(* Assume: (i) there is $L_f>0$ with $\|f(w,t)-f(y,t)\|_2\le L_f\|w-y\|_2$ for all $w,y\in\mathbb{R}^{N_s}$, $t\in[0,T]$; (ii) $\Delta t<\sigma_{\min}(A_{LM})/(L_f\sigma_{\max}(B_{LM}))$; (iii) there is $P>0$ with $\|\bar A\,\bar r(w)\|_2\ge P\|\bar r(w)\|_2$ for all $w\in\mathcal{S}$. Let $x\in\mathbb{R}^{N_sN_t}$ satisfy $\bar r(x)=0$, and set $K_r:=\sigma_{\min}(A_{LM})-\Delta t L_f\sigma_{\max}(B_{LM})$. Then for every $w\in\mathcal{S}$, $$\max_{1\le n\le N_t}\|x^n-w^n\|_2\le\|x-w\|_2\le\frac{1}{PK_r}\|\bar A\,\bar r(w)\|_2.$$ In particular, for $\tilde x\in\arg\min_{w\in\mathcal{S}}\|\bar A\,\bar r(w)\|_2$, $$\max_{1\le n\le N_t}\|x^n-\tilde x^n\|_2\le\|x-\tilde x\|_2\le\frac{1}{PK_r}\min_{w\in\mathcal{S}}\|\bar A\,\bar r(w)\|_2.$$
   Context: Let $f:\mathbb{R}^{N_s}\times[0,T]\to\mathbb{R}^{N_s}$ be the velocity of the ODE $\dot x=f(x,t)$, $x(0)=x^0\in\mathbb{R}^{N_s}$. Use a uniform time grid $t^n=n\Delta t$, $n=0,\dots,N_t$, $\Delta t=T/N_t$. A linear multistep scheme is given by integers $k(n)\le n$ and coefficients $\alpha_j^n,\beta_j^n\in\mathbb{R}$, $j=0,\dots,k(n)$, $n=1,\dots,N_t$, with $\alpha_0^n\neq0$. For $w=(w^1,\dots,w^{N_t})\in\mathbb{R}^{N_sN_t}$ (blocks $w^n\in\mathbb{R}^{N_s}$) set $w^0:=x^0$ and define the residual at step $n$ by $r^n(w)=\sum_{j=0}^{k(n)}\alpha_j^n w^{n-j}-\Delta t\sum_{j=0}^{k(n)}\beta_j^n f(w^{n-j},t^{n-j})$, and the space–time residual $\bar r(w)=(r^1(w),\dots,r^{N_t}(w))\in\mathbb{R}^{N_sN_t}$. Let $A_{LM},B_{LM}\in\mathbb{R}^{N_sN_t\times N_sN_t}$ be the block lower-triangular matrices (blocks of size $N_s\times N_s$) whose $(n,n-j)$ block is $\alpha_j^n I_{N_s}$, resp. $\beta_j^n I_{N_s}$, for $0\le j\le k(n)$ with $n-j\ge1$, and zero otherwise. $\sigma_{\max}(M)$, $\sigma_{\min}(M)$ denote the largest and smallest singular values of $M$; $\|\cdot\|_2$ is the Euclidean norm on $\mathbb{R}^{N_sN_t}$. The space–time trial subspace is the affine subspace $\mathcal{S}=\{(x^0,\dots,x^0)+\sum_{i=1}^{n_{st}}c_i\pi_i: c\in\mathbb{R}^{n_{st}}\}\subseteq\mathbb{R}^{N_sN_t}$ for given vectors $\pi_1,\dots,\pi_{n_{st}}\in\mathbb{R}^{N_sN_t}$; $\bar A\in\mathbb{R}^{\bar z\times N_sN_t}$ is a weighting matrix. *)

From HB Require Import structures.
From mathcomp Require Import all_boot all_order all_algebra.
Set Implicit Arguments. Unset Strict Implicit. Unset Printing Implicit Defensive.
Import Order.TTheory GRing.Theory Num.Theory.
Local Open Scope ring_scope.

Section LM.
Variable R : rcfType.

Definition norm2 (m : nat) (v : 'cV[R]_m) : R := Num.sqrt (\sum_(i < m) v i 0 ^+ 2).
* * *
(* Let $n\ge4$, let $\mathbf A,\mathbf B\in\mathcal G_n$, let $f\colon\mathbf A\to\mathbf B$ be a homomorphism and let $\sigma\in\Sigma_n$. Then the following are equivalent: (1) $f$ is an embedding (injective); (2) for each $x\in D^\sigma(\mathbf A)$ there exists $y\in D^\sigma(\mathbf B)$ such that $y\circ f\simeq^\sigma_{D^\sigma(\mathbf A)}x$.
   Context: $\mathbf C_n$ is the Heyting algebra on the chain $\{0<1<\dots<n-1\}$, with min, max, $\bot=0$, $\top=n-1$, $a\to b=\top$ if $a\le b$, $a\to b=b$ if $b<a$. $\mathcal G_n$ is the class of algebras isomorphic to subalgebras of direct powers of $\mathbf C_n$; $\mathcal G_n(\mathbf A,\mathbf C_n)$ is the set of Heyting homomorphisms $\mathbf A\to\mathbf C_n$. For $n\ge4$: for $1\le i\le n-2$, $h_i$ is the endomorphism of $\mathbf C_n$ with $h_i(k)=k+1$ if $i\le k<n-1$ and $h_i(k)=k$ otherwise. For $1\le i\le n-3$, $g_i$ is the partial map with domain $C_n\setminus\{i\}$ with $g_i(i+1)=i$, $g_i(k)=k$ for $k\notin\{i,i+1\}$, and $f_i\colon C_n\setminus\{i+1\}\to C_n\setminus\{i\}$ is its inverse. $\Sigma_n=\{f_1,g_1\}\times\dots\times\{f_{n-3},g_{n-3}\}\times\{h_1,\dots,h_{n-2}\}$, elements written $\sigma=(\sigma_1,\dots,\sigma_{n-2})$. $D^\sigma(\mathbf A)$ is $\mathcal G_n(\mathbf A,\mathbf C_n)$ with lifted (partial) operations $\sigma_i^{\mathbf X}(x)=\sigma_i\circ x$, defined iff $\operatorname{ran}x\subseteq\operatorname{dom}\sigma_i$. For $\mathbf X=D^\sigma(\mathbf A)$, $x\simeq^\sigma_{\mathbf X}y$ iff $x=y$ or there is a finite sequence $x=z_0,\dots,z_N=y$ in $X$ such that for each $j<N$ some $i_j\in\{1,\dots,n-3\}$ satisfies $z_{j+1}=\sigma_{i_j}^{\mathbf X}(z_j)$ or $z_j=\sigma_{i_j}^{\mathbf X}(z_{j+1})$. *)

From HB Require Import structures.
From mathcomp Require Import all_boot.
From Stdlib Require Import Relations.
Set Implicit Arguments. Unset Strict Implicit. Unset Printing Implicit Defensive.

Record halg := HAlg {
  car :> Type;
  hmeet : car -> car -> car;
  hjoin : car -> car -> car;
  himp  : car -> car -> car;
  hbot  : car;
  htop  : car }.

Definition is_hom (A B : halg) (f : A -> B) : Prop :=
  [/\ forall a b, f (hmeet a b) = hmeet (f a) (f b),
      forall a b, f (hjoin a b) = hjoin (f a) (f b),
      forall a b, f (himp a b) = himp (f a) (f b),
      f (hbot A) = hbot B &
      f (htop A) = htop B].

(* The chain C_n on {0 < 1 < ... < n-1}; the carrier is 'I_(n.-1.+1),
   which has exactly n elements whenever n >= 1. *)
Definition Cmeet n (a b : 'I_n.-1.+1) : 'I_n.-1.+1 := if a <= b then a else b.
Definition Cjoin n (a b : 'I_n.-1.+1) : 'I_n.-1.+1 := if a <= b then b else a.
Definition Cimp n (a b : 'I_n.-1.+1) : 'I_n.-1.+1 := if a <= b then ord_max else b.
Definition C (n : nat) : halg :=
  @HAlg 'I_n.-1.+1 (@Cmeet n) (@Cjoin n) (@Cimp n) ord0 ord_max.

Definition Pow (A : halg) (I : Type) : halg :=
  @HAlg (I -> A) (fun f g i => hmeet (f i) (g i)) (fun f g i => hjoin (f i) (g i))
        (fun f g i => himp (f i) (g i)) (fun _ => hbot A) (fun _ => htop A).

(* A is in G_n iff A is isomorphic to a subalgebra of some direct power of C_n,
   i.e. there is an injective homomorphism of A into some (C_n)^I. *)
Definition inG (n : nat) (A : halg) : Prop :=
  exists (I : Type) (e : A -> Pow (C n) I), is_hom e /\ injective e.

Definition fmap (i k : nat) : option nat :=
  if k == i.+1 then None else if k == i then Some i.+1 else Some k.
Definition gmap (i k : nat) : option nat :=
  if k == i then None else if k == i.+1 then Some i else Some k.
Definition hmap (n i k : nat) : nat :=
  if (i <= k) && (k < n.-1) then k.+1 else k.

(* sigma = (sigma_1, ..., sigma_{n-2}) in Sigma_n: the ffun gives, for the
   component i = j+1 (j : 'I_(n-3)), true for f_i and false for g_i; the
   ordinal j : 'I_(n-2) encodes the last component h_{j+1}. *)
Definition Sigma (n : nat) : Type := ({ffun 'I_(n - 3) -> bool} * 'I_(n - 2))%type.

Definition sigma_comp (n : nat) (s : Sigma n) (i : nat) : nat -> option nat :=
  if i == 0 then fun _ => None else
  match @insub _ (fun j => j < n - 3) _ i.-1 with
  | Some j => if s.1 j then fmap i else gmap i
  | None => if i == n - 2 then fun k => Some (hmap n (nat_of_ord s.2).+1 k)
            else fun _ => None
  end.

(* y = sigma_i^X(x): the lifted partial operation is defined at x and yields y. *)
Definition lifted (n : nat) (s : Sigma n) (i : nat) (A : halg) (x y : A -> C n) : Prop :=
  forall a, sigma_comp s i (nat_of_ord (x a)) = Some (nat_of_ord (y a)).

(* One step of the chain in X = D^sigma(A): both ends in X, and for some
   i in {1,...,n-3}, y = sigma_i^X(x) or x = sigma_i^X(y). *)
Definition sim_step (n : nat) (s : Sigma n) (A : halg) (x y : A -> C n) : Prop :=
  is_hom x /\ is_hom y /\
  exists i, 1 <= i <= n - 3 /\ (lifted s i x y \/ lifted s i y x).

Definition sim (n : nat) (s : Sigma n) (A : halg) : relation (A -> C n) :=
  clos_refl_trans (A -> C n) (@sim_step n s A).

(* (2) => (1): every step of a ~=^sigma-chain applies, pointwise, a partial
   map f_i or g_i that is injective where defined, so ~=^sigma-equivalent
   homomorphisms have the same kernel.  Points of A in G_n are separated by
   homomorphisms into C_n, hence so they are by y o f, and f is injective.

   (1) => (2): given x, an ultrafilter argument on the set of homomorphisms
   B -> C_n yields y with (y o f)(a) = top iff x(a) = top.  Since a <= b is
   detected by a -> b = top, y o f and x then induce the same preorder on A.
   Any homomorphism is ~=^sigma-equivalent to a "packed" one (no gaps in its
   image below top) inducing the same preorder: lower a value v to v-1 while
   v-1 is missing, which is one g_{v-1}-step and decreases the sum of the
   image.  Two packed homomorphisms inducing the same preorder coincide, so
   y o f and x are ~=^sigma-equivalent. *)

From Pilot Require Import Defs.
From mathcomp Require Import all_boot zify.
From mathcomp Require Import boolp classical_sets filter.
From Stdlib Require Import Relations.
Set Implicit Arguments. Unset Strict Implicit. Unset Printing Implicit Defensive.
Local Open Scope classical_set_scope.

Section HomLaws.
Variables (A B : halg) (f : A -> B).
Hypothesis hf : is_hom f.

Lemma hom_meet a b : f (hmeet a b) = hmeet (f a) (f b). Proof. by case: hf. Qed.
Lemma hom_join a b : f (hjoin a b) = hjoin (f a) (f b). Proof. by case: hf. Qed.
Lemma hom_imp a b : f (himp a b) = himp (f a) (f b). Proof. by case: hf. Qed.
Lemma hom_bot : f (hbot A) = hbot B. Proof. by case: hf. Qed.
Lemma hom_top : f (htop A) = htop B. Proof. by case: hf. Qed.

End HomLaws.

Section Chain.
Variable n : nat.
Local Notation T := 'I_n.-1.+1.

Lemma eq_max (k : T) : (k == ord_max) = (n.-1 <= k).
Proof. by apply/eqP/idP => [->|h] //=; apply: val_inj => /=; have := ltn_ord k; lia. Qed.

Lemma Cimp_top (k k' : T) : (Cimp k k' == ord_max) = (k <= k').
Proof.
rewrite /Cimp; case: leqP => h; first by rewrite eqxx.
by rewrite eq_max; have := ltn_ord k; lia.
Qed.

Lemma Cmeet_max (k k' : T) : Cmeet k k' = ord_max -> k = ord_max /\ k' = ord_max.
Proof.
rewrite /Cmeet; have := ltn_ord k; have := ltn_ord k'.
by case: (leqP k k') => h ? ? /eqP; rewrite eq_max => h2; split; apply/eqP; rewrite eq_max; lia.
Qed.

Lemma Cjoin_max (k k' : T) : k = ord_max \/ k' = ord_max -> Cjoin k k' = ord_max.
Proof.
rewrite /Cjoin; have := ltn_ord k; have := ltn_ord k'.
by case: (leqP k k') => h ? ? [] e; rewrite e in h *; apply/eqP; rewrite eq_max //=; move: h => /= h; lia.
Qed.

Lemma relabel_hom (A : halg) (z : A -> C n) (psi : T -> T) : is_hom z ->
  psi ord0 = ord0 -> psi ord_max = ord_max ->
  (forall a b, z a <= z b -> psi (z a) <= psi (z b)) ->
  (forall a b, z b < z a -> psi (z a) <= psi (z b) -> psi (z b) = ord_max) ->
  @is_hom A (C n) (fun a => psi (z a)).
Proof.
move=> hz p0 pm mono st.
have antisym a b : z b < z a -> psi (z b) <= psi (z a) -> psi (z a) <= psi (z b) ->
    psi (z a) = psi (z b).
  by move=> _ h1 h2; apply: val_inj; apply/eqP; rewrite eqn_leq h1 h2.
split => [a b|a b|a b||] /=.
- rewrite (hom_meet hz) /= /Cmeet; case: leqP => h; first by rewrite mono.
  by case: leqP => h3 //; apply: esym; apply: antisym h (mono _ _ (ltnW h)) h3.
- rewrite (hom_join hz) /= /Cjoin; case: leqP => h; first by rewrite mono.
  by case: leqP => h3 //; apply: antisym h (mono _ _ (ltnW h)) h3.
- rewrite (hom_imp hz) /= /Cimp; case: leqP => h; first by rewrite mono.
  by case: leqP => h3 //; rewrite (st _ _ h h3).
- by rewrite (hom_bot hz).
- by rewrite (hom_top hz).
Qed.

Exercise - Above are the lines; repeat exactly the ones from the line containing "car :> Type;" down to the line containing "Definition Cmeet n", both inclusive.

Result of the task -
  car :> Type;
  hmeet : car -> car -> car;
  hjoin : car -> car -> car;
  himp  : car -> car -> car;
  hbot  : car;
  htop  : car }.

Definition is_hom (A B : halg) (f : A -> B) : Prop :=
  [/\ forall a b, f (hmeet a b) = hmeet (f a) (f b),
      forall a b, f (hjoin a b) = hjoin (f a) (f b),
      forall a b, f (himp a b) = himp (f a) (f b),
      f (hbot A) = hbot B &
      f (htop A) = htop B].

(* The chain C_n on {0 < 1 < ... < n-1}; the carrier is 'I_(n.-1.+1),
   which has exactly n elements whenever n >= 1. *)
Definition Cmeet n (a b : 'I_n.-1.+1) : 'I_n.-1.+1 := if a <= b then a else b.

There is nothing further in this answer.